JESPER KLAUSEN / SCIENCE PHOTO LIBRARY / Getty Images

Annual Cases and Deaths

Cancer prevalence is the number of people who have ever been diagnosed with the disease on a certain date. This number includes past and recent diagnoses. On the other hand, yearly cancer incidence is the number of new cancers that occur among a specified population during a year. It is expressed as the number of cancers per 100,000 population at risk.

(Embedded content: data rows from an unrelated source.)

Lemma combK_mass_ge (G : R * (Ot -> R) -> fsum St -> Prop) ks mu x : combK G ks mu ->
  (forall k, In k ks -> 0 <= fst k /\ forall m, G k m -> x <= mass m U) ->
  x * fold_right (fun k acc => fst k + acc) 0 ks <= mass mu U.
Proof.
  revert mu; induction ks as [|k ks IH]; simpl; intros mu Hc H; [subst; simpl; lra|].
  destruct Hc as [m [mu' [Hm [Hc ->]]]]. rewrite mass_app, mass_scale.
  destruct (H k) as [H1 H2]; auto. specialize (H2 m Hm).
  assert (x * fold_right (fun k acc => fst k + acc) 0 ks <= mass mu' U) by (apply IH; auto).
  nra.
Qed.

Lemma bigstep_mass_ge sch n : forall h P s mu, wf_prog P ->
  bigstep semA semB sch n h P s mu -> vmin n P s <= mass mu U.
Proof.
  induction n as [|n IH]; intros h P s mu HP H; [simpl in H; subst; simpl; lra|].
  destruct H as [nu [ks [_ [[Hks [Hsum _]] HK]]]].
  rewrite <- (Rmult_1_r (vmin (S n) P s)), <- Hsum.
  apply (combK_mass_ge _ ks mu _ HK). rewrite Forall_forall in Hks.
  intros k Hk. destruct (Hks k Hk) as [Hk0 [lk [Hlk Hlkw]]]. split; [exact Hk0|].
  intros m [c [Hc Hm]]. eapply combF_step_mass_ge; eauto.
  eapply canon_ext; eauto.
Qed.

Definition vsup (P : Pr) (s : St) : R :=
  epsilon (inhabits 0) (is_lub (EUn (fun n => vmin n P s))).

Lemma vsup_lub P s : wf_prog P -> is_lub (EUn (fun n => vmin n P s)) (vsup P s).
Proof.
  intros HP. unfold vsup. apply epsilon_spec.
  destruct (completeness (EUn (fun n => vmin n P s))) as [w Hw]; [| |eauto].
  - exists 1. intros x [n ->]. apply vmin_bounds, HP.
  - exists (vmin 0 P s), 0%nat. reflexivity.
Qed.

Lemma vmin_le_vsup n P s : wf_prog P -> vmin n P s <= vsup P s.
Proof. intros HP. apply (vsup_lub P s HP). exists n; reflexivity. Qed.

Lemma vmin_cv_vsup P s : wf_prog P -> Un_cv (fun n => vmin n P s) (vsup P s).
Proof.
  intros HP. apply Un_cv_crit_lub; [intros n; apply vmin_mono, HP | apply vsup_lub, HP].
Qed.

Lemma expect_outval_cv (l : fsum Ot) : Forall (fun e => wf_out (snd e)) l ->
  Un_cv (fun n => expect (outval (vmin n)) l) (expect (outval vsup) l).
Proof.
  induction 1 as [|[q o] l Ho Hl IH]; simpl; [apply Un_cv_const|].
  apply (CV_plus (fun n => q * outval (vmin n) o)); [|exact IH].
  apply CV_mult; [apply Un_cv_const|].
  destruct o as [t|[P' t]]; simpl in *; [apply Un_cv_const | apply vmin_cv_vsup, Ho].
Qed.

Lemma vsup_bellman P s : wf_prog P ->
  exists l, In l (steps P s) /\ expect (outval vsup) l <= vsup P s.
Proof.
  intros HP. apply NNPP. intros Hnot.
  assert (Hev : forall l, In l (steps P s) ->
            exists N, forall n, (N <= n)%nat -> vsup P s < expect (outval (vmin n)) l).
  { intros l Hl.
    assert (Hgt : vsup P s < expect (outval vsup) l) by (apply Rnot_le_lt; eauto).
    destruct (stepL_dist _ _ _ HP (steps_stepL _ _ _ Hl)) as [_ Hwf].
    destruct (expect_outval_cv l Hwf (expect (outval vsup) l - vsup P s)) as [N HN]; [lra|].
    exists N. intros n Hn. specialize (HN n Hn). unfold R_dist in HN.
    apply Rabs_def2 in HN. lra. }
  destruct (eventually_forall_in _ _ Hev) as [N HN].
  destruct (vmin_S_attained N P s) as [l [Hl Heq]].
  pose proof (vmin_le_vsup (S N) P s HP). specialize (HN N (Nat.le_refl N) l Hl). lra.
Qed.

(* The implication makes [opt_step] a genuine step also for ill-formed programs, so that
   [opt_sched] is a valid scheduler everywhere. *)
Definition opt_step (P : Pr) (s : St) : fsum Ot :=
  epsilon (inhabits [])
    (fun l => In l (steps P s) /\ (wf_prog P -> expect (outval vsup) l <= vsup P s)).

Lemma opt_step_spec P s :
  In (opt_step P s) (steps P s) /\ (wf_prog P -> expect (outval vsup) (opt_step P s) <= vsup P s).
Proof.
  unfold opt_step. apply epsilon_spec.
  destruct (classic (wf_prog P)) as [HP|HP].
  - destruct (vsup_bellman P s HP) as [l [Hl Hle]]. eauto.
  - pose proof (steps_neq_nil P s). destruct (steps P s) as [|l]; [congruence|].
    exists l. split; [left|]; tauto.
Qed.

Definition opt_sched : Sched Act Test St := fun _ P s => Some (wt (opt_step P s)).

Lemma opt_step_convex_comb P s :
  convex_comb semA semB [(1, wt (opt_step P s))] P s (wt (opt_step P s)).
Proof.
  split; [|split; simpl; [ring | intros; ring]].
  repeat constructor; simpl; [lra|].
  exists (opt_step P s). split; [apply steps_stepL, opt_step_spec | reflexivity].
Qed.

Lemma opt_sched_valid : valid_sched semA semB opt_sched.
Proof.
  intros h P s nu H. injection H as <-. eexists. apply opt_step_convex_comb.
Qed.

Lemma opt_sched_nonblocking n : forall h P s, wf_prog P ->
  exists mu, bigstep semA semB opt_sched n h P s mu.
Proof.
  induction n as [|n IH]; intros h P s HP; [exists []; reflexivity|].
  pose proof (steps_stepL _ _ _ (proj1 (opt_step_spec P s))) as Hs.
  destruct (stepL_dist _ _ _ HP Hs) as [[Hpos _] _].
  destruct (canon_ex _ Hpos) as [c Hc].
  destruct (combF_exists (fun P' t m => bigstep semA semB opt_sched n
      (h ++ [((P, s), wt (opt_step P s))]) P' t m) c) as [m Hm].
  { intros P' t Hin. apply IH. eapply canon_child_wf; eauto. }
  exists (scale 1 m ++ []), (wt (opt_step P s)), [(1, wt (opt_step P s))].
  split; [reflexivity|]. split; [apply opt_step_convex_comb|].
  exists m, []. repeat split. exists c. auto.
Qed.

Lemma combK_mass_le (G : R * (Ot -> R) -> fsum St -> Prop) ks mu g : combK G ks mu ->
  (forall k, In k ks -> 0 <= fst k /\ forall m, G k m ->
     exists c, (forall o, wt c o = snd k o) /\ mass m U <= expect g c) ->
  exists C, (forall o, wt C o = fold_right (fun k acc => fst k * snd k o + acc) 0 ks) /\
    mass mu U <= expect g C.
Proof.
  revert mu; induction ks as [|k ks IH]; simpl; intros mu Hc H.
  - subst. exists []. split; simpl; intros; lra.
  - destruct Hc as [m [mu' [Hm [Hc ->]]]].
    destruct (H k) as [H1 H2]; auto. destruct (H2 m Hm) as [c [Hcw Hcm]].
    destruct (IH mu') as [C [HCw HCm]]; auto.
    exists (scale (fst k) c ++ C). split.
    + intros o. rewrite wt_app, wt_scale, Hcw, HCw. reflexivity.
    + rewrite mass_app, mass_scale, expect_app, expect_scale. nra.
Qed.

Lemma bigstep_opt_sched_mass_le n : forall h P s mu, wf_prog P ->
  bigstep semA semB opt_sched n h P s mu -> mass mu U <= vsup P s.
Proof.
  induction n as [|n IH]; intros h P s mu HP H.
  - simpl in H; subst; simpl. apply (vmin_le_vsup 0), HP.
  - destruct H as [nu [ks [Hsch [[Hks [_ Hnu]] HK]]]].
    injection Hsch as Hnu_opt. rewrite Forall_forall in Hks.
    destruct (combK_mass_le _ ks mu (outval vsup) HK) as [C [HCw HCm]].
    + intros k Hk. destruct (Hks k Hk) as [Hk0 [lk [Hlk Hlkw]]]. split; [exact Hk0|].
      intros m [c [Hc Hm]]. exists c. split; [apply Hc|].
      assert (Hclk : canon c (wt lk)) by (eapply canon_ext; eauto).
      apply (combF_mass_le _ _ _ _ Hm); [eapply canon_nonneg; eauto|].
      intros P' t m' Hin HF. eapply IH; [eapply canon_child_wf|]; eauto.
    + eapply Rle_trans; [exact HCm|].
      rewrite (expect_wt_ext _ C (opt_step P s)); [apply opt_step_spec, HP|].
      intros o. rewrite HCw, <- Hnu, Hnu_opt. reflexivity.
Qed.

Lemma sat_box_of_Fn_mass_gt P s p : wf_prog P ->
  (exists n, forall mu, Fn semA semB n P s mu -> mass mu U > p) -> sat_box semA semB P s U p.
Proof.
  intros HP [n Hn] sch _ Hnb. destruct (Hnb n) as [mu Hmu]. exists n, mu. split; [exact Hmu|].
  destruct (Fn_mass_attained n P s HP) as [mu0 [H0 H0m]].
  pose proof (Hn mu0 H0). pose proof (bigstep_mass_ge sch n [] P s mu HP Hmu). lra.
Qed.

Lemma Fn_mass_gt_of_sat_box P s p : wf_prog P -> sat_box semA semB P s U p ->
  exists n, forall mu, Fn semA semB n P s mu -> mass mu U > p.
Proof.
  intros HP Hsat. apply NNPP. intros Hnot.
  assert (Hvmin : forall n, vmin n P s <= p).
  { intros n. apply Rnot_lt_le. intros Hlt. apply Hnot. exists n.
    intros mu Hmu. pose proof (Fn_mass_ge n P s mu HP Hmu). lra. }
  assert (Hvsup : vsup P s <= p) by (apply (vsup_lub P s HP); intros x [n ->]; auto).
  destruct (Hsat opt_sched opt_sched_valid) as [n [mu [Hb Hm]]].
  - intros n. apply opt_sched_nonblocking, HP.
  - pose proof (bigstep_opt_sched_mass_le n [] P s mu HP Hb). lra.
Qed.

End ValueIteration.

Theorem mainTheorem11 (Act Test St : Type)
  (semA : Act -> St -> fsum St) (semB : Test -> St -> bool)
  (HsemA : forall a s, is_prob (semA a s))
  (P : Prog Act Test) (HP : wf_prog P)
  (s : St) (U : St -> Prop) (p : Q) (Hp : 0 <= Q2R p < 1) :
  sat_box semA semB P s U (Q2R p) <->
  exists n : nat, forall mu, Fn semA semB n P s mu -> mass mu U > Q2R p.
Proof.
  split; [apply Fn_mass_gt_of_sat_box | apply sat_box_of_Fn_mass_gt]; assumption.
Qed.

The National Cancer Institute estimated that in 2020, 1,806,590 new cancer cases would be diagnosed and that 606,520 new deaths from cancer would occur. The rate of new cases of any type of cancer was 442.4 per 100,000 people per year, and the death rate was 155.5 per 100,000 people per year.

The NCI breaks down these statistics to determine which cancers are more common based on incidence and mortality statistics that are reported by the American Cancer Society and other resources. To count as a common cancer, the estimated annual incidence for 2020 had to be 40,000 cases or more.

The most common type of cancer is breast cancer, with 279,100 new cases expected in the United States in 2020, followed by lung cancer and prostate cancer.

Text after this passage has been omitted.